Debugging the USB enumeration

link

As I couldn’t directly compare the descriptor parsing code between the ESP32-S3 and my PC I;ve chosen to sniff the USB communication between the ESP chip and the dongle. To do that I’ve flashed pico_usb_sniffer on my Raspberry Pi Pico, and jerry-rigged this setup:

The setup for sniffing the USB communication
The setup for sniffing the USB communication

I’ve hooked the D+ and D- pins of the ESP32-S3 and connected them to the Pico runningg the sniffer. By using the Python script included in the repository I’ve saved a capture of the enumeration process. After that I’ve opened it in WIreshark to inspect it.

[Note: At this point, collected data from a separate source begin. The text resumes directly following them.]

(* Let $I$ be a set of players, for each $i\in I$ let $G_i$ be a compact convex subset of a Hausdorff locally convex topological vector space, and let $G=(G_i,P_i,Q_i)_{i\in I}$ be a general qualitative game satisfying property $T$, where $P_i,Q_i:\prod_{j\in I}G_j\to 2^{G_i}$ satisfy for each $i\in I$: (i) $y_i\in Q_i(y_i,x_{-i})$ for each $y_i\in G_i$ and each $x_{-i}\in G_{-i}$; (ii) $Q_i$ has convex closed values; (iii) $x_i\notin P_i(x)$ for each $x\in\prod_{j\in I}G_j$; (iv) $P_i$ is upper semicontinuous with closed convex values in $G_i$. Then: (a) if $G\to^* H$ and there exist $i\in I$ and $x_i,y_i\in G_i$ with $y_i\succ_H x_i$, then there exists $x_i^*\in H_i$ such that $x_i^*\succ_H x_i$ and $z_i\not\succ_H x_i^*$ for all $z_i\in G_i$; (b) if $M$ is a nonempty maximal $(\to^* )$-reduction of $G$, then $M$ is the unique maximal $(\to^* )$-reduction of $G$.
   Context: $I$ is a nonempty set; $X=\prod_{j\in I}G_j$, $G_{-i}=\prod_{j\ne i}G_j$, $x=(x_i,x_{-i})$. A general qualitative game is $G=(G_i,P_i,Q_i)_{i\in I}$ with correspondences $P_i,Q_i:X\to 2^{G_i}$. It satisfies property $T$ if for each $i$ and each $x\in X$: $P_i(x)\subseteq Q_i(x)$, and $y_i\in P_i(x)$ implies $Q_i(y_i,x_{-i})\subseteq P_i(x)$. A pairing of $G$ is a family $H=(H_i)_{i\in I}$ with $H_i\subseteq G_i$ (the $P_i$ restricted to $\prod_jH_j$); $H_{-i}=\prod_{j\ne i}H_j$; $H$ is nonempty if every $H_i\neq\emptyset$. For $x_i,y_i\in G_i$: $y_i\succ_H x_i$ iff $H_{-i}\neq\emptyset$ and $y_i\in P_i(x_i,x_{-i})$ for all $x_{-i}\in H_{-i}$. For pairings $R,S$ with $S_i\subseteq R_i$ for all $i$: $R\to S$ means for every $i$ and $x_i\in R_i\setminus S_i$, $\bigcap_{x_{-i}\in R_{-i}}P_i(x_i,x_{-i})\ne\emptyset$; it is fast if moreover for every $i$ and $x_i\in R_i$, $\bigcap_{x_{-i}\in R_{-i}}P_i(x_i,x_{-i})\neq\emptyset$ implies $x_i\notin S_i$. $G\to^*H$ means there is a finite or countably infinite sequence of pairings $R^0=G,R^1,\dots$ with $R^t\to R^{t+1}$ fast for each $t$ and $H_i=\bigcap_tR^t_i$ for each $i$. $H$ is a maximal $(\to^* )$-reduction of $G$ if $G\to^*H$ and, for pairings $H'$ with $H'_i\subseteq H_i$, $H\to H'$ holds only for $H'=H$. *)

From HB Require Import structures.
From mathcomp Require Import all_boot all_order all_algebra.
From mathcomp Require Import all_classical all_reals all_analysis.
Unset Printing Implicit Defensive.
Import Order.TTheory GRing.Theory Num.Theory.
Local Open Scope classical_set_scope.

Section QualGame.
Variables (I : Type) (T : I -> Type).

(* profile update: (y_i, x_{-i}) *)
Definition upd (x : forall j, T j) (i : I) (y : T i) : forall j, T j :=
  fun j => match pselect (i = j) with
           | left e => eq_rect i T y j e
           | right _ => x j
           end.

Definition profiles (G : forall i, set (T i)) : set (forall j, T j) :=
  [set x | forall j, G j (x j)].

(* x_{-i} in H_{-i}  (the i-th coordinate of x is irrelevant) *)
Definition in_minus (H : forall i, set (T i)) (i : I) (x : forall j, T j) :=
  forall j, j <> i -> H j (x j).

Variables (G : forall i, set (T i))
          (P : forall i, (forall j, T j) -> set (T i)).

This was the result:

The capture open in Wireshark
The capture open in Wireshark

It turns out it’s not the Espressif’s code at fault here. Instead it seems that the dongle has just broken USB 1.1 support, even though it in theory could transmit a low-resolution, low-framerate video stream over USB 1.1. This prohibits it from being used with the ESP32-S3.

What can be done?

link

After that I opened the dongle and took a look inside:

The PCB of the dongle. It has the marking "SFX_HDMI_VC_1.6" and a large heat-sinked chip.
The PCB of the dongle. It has the marking "SFX_HDMI_VC_1.6" and a large heat-sinked chip.

As I didn’t want to remove the heat-sink from the chip, I’ve googled the marking on the board and discovered that it contains the MS2109 from MacroSilicon. In theory it should support USB 1.1, as even it’s website says it’s “Compatible with USB1.1 mode”.

What is promising is that, the brochure mentions the use of an EEPROM to store some configuration (and possibly code for the built-in MCU). As seen on the previous photo, by dongle appears to have a the AT24C08D - an 8Kbit (1 KiB) EEPROM from Microchip.

Functional block diagram of the MS2109
Functional block diagram of the MS2109

I would imagine that probably the USB descriptors will be one thing that can be configured in the EEPROM, since it would be the first thing OEMs would want to change. I haven’t gotten to de-soldering and reading the EEPROM yet, but I have found this repository: https://github.com/BertoldVdb/ms-tools

It contains a tool for talking to the MS2109 over a HID interface and even executing code on it to dump the ROM and EEPROM. Maybe it could be used to fix the USB descriptors on the dongle. I’ll update this post if I get to it.

Conclusion

link

Using the ESP32-S3 for video capture from HDMI is not possible (yet), so I can’t use it as a KVM solution :(